### [Data extracts]
== Segment start ==

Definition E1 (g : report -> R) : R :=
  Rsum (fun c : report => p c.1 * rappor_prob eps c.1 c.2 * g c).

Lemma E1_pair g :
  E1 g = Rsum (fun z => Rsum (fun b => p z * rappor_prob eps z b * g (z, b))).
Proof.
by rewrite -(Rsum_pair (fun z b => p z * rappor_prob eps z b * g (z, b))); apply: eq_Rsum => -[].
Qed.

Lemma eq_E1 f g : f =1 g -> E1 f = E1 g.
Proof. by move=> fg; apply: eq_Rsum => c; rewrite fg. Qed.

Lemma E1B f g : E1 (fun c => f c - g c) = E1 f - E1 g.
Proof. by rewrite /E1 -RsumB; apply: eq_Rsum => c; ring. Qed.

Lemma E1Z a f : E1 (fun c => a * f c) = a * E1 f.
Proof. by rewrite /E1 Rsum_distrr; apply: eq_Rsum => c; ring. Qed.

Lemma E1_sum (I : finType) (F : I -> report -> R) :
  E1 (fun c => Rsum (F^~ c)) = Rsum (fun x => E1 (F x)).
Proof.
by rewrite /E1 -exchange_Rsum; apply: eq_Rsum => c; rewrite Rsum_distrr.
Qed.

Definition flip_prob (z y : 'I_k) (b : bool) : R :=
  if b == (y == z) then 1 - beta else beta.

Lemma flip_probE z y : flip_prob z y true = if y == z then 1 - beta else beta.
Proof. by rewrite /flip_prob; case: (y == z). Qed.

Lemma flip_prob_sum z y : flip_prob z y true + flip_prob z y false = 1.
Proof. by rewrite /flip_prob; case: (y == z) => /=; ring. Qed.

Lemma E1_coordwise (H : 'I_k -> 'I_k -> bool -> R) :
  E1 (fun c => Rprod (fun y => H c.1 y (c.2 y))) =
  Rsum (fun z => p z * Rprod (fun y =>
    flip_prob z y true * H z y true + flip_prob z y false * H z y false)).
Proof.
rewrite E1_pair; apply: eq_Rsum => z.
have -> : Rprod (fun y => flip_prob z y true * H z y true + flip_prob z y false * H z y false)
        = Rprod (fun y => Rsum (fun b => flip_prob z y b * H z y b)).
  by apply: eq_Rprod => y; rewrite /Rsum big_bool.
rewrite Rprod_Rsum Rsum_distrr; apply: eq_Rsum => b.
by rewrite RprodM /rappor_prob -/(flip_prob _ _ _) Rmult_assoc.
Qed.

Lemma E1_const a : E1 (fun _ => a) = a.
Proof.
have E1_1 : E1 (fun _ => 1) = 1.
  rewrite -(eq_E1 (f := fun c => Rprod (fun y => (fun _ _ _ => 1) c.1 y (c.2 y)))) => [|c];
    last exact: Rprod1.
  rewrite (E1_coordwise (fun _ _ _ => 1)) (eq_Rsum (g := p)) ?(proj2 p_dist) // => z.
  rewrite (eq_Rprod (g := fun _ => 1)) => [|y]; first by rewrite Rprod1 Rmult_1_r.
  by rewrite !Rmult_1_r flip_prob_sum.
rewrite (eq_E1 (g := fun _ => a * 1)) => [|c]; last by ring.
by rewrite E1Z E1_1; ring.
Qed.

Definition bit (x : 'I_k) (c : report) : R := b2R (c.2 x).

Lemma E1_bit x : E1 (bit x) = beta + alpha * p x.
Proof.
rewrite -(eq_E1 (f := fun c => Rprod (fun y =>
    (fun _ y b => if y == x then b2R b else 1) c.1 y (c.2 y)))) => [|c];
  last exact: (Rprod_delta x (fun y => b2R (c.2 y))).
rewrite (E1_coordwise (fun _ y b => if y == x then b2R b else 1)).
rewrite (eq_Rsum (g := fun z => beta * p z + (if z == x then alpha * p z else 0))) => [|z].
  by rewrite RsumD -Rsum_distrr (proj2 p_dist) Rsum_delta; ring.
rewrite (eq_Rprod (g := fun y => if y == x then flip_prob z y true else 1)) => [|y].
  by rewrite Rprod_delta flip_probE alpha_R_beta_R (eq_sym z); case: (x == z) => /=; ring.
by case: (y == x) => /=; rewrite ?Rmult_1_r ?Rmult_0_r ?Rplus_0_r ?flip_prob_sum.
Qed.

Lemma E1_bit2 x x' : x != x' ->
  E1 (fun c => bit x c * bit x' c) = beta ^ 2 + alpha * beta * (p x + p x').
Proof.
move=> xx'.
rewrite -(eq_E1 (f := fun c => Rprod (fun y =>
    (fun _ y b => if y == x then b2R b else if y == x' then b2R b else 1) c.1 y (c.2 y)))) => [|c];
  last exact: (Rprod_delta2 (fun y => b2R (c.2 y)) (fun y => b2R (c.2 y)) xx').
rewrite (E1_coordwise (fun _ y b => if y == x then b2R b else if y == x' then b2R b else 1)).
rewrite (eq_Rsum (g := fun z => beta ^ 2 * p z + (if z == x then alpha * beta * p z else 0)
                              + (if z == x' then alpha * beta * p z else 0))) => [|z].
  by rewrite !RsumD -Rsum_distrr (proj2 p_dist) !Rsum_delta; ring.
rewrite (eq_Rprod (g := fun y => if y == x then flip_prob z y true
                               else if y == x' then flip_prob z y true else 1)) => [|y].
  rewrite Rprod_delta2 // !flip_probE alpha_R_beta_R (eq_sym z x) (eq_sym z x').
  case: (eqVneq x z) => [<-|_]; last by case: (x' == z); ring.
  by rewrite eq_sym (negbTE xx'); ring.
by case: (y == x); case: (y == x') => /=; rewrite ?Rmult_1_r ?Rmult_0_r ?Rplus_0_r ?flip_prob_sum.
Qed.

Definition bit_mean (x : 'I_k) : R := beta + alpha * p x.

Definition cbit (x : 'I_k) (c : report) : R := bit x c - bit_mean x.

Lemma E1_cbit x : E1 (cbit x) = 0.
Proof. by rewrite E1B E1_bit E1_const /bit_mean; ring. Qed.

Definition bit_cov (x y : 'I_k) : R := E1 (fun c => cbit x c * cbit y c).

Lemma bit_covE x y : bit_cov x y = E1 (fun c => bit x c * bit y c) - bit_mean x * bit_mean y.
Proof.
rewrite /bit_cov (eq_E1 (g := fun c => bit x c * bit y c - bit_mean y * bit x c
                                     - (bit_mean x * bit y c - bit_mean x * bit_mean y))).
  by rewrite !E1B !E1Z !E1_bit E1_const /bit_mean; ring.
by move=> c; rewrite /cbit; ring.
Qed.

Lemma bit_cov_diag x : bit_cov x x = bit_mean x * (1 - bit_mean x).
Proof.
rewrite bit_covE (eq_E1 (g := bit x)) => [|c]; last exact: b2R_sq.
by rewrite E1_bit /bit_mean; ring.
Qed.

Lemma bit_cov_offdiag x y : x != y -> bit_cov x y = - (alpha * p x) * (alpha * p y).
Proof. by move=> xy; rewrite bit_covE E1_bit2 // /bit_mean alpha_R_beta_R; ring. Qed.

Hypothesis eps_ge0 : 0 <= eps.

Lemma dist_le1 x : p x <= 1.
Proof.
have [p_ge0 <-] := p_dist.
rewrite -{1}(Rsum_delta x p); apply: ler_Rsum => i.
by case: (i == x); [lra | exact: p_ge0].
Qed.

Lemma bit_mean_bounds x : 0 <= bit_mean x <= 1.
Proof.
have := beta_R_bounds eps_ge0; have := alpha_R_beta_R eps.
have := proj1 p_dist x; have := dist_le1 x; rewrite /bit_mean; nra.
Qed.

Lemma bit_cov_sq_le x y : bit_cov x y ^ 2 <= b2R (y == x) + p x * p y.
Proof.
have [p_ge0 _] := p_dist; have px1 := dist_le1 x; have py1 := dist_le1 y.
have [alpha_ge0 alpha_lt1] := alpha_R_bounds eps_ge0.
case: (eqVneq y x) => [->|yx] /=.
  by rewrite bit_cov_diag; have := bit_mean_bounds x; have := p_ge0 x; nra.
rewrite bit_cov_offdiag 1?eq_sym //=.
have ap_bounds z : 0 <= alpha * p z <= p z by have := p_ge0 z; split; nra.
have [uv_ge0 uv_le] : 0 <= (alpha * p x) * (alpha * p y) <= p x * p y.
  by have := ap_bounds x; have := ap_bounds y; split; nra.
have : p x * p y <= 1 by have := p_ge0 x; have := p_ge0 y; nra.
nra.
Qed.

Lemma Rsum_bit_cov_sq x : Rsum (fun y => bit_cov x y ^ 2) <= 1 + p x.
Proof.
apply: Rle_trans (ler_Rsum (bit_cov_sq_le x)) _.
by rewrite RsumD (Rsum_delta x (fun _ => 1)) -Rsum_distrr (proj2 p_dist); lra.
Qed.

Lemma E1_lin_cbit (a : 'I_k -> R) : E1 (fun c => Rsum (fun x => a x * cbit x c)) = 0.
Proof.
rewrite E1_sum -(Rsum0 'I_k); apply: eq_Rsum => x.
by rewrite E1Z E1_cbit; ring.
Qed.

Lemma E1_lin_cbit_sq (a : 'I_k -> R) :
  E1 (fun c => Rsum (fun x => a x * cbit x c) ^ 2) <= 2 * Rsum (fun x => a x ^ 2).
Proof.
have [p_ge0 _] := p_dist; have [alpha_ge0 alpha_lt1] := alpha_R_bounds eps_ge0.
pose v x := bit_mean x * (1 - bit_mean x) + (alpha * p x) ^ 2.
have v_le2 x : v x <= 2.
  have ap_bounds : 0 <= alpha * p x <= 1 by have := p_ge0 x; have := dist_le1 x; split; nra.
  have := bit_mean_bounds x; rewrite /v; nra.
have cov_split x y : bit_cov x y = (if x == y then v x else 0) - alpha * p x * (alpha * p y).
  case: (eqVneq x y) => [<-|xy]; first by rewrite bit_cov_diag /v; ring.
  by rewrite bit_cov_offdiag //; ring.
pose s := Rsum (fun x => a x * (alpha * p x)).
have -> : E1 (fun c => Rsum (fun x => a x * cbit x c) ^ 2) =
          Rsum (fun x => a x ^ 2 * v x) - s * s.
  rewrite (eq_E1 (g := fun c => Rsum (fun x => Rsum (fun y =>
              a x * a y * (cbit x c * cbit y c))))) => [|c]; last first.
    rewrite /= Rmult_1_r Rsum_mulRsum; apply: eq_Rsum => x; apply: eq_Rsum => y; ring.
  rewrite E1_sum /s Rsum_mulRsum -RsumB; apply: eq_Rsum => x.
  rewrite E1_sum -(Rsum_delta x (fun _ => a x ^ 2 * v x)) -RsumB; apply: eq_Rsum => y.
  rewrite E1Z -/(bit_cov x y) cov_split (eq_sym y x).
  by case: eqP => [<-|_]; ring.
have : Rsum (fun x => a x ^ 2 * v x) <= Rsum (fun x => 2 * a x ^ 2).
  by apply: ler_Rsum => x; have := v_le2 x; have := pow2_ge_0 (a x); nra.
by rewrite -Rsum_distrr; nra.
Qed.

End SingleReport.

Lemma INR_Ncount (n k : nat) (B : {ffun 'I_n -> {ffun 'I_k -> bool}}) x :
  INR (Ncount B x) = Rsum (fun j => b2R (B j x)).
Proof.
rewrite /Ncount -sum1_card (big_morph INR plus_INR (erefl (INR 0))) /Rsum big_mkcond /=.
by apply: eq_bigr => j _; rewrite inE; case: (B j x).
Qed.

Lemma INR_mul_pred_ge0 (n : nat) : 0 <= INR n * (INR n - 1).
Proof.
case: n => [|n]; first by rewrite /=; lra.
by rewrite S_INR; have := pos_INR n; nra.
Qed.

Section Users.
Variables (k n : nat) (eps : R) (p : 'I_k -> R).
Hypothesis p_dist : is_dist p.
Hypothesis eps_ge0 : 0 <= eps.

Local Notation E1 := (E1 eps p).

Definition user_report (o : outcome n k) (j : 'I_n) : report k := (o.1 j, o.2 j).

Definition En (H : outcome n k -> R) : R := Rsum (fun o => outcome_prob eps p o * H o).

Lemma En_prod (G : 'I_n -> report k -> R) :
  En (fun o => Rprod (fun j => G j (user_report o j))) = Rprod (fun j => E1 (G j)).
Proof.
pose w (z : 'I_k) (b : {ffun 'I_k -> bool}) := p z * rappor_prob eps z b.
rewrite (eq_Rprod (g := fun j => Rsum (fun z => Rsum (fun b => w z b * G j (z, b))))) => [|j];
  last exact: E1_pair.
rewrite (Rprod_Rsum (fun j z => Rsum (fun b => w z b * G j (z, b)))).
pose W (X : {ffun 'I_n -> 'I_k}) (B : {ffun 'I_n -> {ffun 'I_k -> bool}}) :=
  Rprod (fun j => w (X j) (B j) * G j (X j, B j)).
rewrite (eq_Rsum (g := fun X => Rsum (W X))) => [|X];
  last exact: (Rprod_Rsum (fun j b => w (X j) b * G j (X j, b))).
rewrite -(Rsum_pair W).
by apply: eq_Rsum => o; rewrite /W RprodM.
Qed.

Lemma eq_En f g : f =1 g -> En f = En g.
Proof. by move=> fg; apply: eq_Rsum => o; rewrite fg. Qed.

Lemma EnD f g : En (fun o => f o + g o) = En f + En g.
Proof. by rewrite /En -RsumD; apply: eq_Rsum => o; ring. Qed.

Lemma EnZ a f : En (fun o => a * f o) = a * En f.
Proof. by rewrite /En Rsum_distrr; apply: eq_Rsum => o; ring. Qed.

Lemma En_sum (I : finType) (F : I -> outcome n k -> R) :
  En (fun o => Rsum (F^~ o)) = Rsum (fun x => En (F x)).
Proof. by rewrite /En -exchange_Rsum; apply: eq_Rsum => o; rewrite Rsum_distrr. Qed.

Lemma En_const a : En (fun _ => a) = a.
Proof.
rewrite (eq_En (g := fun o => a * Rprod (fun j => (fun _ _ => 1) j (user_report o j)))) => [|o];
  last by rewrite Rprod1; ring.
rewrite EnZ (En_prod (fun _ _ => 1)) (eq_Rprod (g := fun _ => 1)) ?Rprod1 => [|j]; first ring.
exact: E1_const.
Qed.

== Segment end ==
== Segment start ==

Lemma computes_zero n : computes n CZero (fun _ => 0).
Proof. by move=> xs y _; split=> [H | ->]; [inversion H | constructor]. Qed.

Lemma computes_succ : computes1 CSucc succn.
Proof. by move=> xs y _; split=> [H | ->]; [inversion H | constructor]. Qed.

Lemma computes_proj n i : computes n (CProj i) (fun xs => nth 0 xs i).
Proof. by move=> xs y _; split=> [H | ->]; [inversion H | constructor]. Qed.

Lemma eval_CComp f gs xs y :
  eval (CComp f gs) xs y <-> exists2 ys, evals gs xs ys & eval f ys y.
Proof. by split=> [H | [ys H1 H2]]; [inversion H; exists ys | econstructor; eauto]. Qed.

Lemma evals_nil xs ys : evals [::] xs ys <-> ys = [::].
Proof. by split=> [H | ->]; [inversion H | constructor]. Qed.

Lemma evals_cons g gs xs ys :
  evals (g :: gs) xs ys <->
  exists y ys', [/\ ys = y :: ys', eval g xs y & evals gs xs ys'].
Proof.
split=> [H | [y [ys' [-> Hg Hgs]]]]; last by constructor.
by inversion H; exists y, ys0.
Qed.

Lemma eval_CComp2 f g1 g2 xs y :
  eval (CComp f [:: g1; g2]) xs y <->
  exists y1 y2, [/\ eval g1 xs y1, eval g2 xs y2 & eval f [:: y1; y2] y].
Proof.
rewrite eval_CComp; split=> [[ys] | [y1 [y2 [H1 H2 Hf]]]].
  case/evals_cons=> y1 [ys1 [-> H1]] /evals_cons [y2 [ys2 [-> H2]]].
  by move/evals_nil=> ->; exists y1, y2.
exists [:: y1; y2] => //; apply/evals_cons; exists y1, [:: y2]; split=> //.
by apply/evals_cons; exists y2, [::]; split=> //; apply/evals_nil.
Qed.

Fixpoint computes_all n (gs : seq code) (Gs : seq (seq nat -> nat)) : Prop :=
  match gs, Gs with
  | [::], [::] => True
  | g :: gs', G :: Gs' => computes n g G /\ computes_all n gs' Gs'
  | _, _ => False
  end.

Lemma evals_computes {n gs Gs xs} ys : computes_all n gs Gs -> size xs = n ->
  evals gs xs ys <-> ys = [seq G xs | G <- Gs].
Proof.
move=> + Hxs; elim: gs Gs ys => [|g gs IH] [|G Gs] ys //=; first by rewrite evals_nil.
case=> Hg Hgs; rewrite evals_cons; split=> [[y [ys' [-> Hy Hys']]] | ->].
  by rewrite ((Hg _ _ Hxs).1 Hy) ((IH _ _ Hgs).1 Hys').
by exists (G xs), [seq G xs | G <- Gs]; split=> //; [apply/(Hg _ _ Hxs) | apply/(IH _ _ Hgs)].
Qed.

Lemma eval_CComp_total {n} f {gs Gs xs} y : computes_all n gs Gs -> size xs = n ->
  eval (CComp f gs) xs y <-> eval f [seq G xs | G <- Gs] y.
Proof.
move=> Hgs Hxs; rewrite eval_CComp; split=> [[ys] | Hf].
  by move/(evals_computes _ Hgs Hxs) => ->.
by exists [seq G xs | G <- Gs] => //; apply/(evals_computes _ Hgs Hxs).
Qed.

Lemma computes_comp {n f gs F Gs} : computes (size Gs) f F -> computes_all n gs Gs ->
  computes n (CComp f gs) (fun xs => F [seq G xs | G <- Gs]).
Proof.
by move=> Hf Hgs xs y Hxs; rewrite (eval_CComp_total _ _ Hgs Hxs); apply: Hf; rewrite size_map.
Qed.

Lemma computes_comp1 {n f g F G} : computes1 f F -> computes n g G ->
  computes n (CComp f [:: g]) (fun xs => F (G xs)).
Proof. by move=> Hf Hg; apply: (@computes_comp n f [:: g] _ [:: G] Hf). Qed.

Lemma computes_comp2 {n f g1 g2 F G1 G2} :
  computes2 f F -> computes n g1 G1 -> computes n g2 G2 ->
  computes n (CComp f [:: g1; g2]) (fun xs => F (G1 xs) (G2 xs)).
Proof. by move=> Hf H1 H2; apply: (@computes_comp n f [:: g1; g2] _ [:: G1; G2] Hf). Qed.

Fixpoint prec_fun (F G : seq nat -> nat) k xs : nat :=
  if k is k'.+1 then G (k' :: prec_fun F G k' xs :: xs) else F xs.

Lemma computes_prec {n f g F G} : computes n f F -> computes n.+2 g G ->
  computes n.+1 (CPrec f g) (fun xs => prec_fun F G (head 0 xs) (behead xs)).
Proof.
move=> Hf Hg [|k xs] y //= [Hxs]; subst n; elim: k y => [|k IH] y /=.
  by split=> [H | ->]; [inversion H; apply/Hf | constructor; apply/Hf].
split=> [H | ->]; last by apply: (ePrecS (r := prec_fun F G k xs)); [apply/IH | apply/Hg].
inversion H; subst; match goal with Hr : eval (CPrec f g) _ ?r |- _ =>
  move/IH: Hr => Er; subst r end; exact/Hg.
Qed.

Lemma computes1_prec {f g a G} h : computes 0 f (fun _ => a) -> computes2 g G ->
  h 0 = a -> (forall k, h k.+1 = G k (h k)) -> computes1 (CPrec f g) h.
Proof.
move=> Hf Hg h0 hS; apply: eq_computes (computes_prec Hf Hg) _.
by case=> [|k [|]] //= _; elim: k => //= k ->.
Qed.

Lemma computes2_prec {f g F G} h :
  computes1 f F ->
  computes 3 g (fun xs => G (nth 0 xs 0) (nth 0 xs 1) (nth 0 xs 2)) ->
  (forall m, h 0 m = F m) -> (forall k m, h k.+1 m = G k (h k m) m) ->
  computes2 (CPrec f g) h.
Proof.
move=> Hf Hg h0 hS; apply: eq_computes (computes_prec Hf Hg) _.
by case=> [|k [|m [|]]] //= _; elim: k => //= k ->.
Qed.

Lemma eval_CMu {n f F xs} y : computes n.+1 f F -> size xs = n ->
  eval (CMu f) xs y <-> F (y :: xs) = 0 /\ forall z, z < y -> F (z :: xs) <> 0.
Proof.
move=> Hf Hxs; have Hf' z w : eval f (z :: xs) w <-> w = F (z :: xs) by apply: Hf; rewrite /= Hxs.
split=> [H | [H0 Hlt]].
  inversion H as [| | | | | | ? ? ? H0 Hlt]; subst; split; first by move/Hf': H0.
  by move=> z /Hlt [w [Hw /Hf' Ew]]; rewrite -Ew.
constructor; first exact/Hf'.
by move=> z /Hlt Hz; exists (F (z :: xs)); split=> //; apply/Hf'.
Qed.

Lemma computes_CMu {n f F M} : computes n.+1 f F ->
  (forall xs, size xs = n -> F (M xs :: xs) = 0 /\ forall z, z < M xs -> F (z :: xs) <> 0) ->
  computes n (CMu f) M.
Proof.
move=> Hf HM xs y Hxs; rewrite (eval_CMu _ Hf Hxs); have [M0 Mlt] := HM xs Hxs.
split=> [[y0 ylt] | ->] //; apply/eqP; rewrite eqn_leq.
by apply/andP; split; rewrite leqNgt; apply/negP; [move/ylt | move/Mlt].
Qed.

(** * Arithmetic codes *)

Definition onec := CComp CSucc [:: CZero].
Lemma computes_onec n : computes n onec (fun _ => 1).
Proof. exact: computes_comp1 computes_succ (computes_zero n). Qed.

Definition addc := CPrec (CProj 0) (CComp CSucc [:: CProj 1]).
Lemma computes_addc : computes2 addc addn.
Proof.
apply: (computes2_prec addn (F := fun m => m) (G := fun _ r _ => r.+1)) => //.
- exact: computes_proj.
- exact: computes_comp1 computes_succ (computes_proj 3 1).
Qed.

== Segment end ==

Return, unchanged, the run of lines above that opens with the line containing "Definition bit (x" and closes with the line containing "by rewrite !RsumD". Include both.

### [Result]
Definition bit (x : 'I_k) (c : report) : R := b2R (c.2 x).

Lemma E1_bit x : E1 (bit x) = beta + alpha * p x.
Proof.
rewrite -(eq_E1 (f := fun c => Rprod (fun y =>
    (fun _ y b => if y == x then b2R b else 1) c.1 y (c.2 y)))) => [|c];
  last exact: (Rprod_delta x (fun y => b2R (c.2 y))).
rewrite (E1_coordwise (fun _ y b => if y == x then b2R b else 1)).
rewrite (eq_Rsum (g := fun z => beta * p z + (if z == x then alpha * p z else 0))) => [|z].
  by rewrite RsumD -Rsum_distrr (proj2 p_dist) Rsum_delta; ring.
rewrite (eq_Rprod (g := fun y => if y == x then flip_prob z y true else 1)) => [|y].
  by rewrite Rprod_delta flip_probE alpha_R_beta_R (eq_sym z); case: (x == z) => /=; ring.
by case: (y == x) => /=; rewrite ?Rmult_1_r ?Rmult_0_r ?Rplus_0_r ?flip_prob_sum.
Qed.

Lemma E1_bit2 x x' : x != x' ->
  E1 (fun c => bit x c * bit x' c) = beta ^ 2 + alpha * beta * (p x + p x').
Proof.
move=> xx'.
rewrite -(eq_E1 (f := fun c => Rprod (fun y =>
    (fun _ y b => if y == x then b2R b else if y == x' then b2R b else 1) c.1 y (c.2 y)))) => [|c];
  last exact: (Rprod_delta2 (fun y => b2R (c.2 y)) (fun y => b2R (c.2 y)) xx').
rewrite (E1_coordwise (fun _ y b => if y == x then b2R b else if y == x' then b2R b else 1)).
rewrite (eq_Rsum (g := fun z => beta ^ 2 * p z + (if z == x then alpha * beta * p z else 0)
                              + (if z == x' then alpha * beta * p z else 0))) => [|z].
  by rewrite !RsumD -Rsum_distrr (proj2 p_dist) !Rsum_delta; ring.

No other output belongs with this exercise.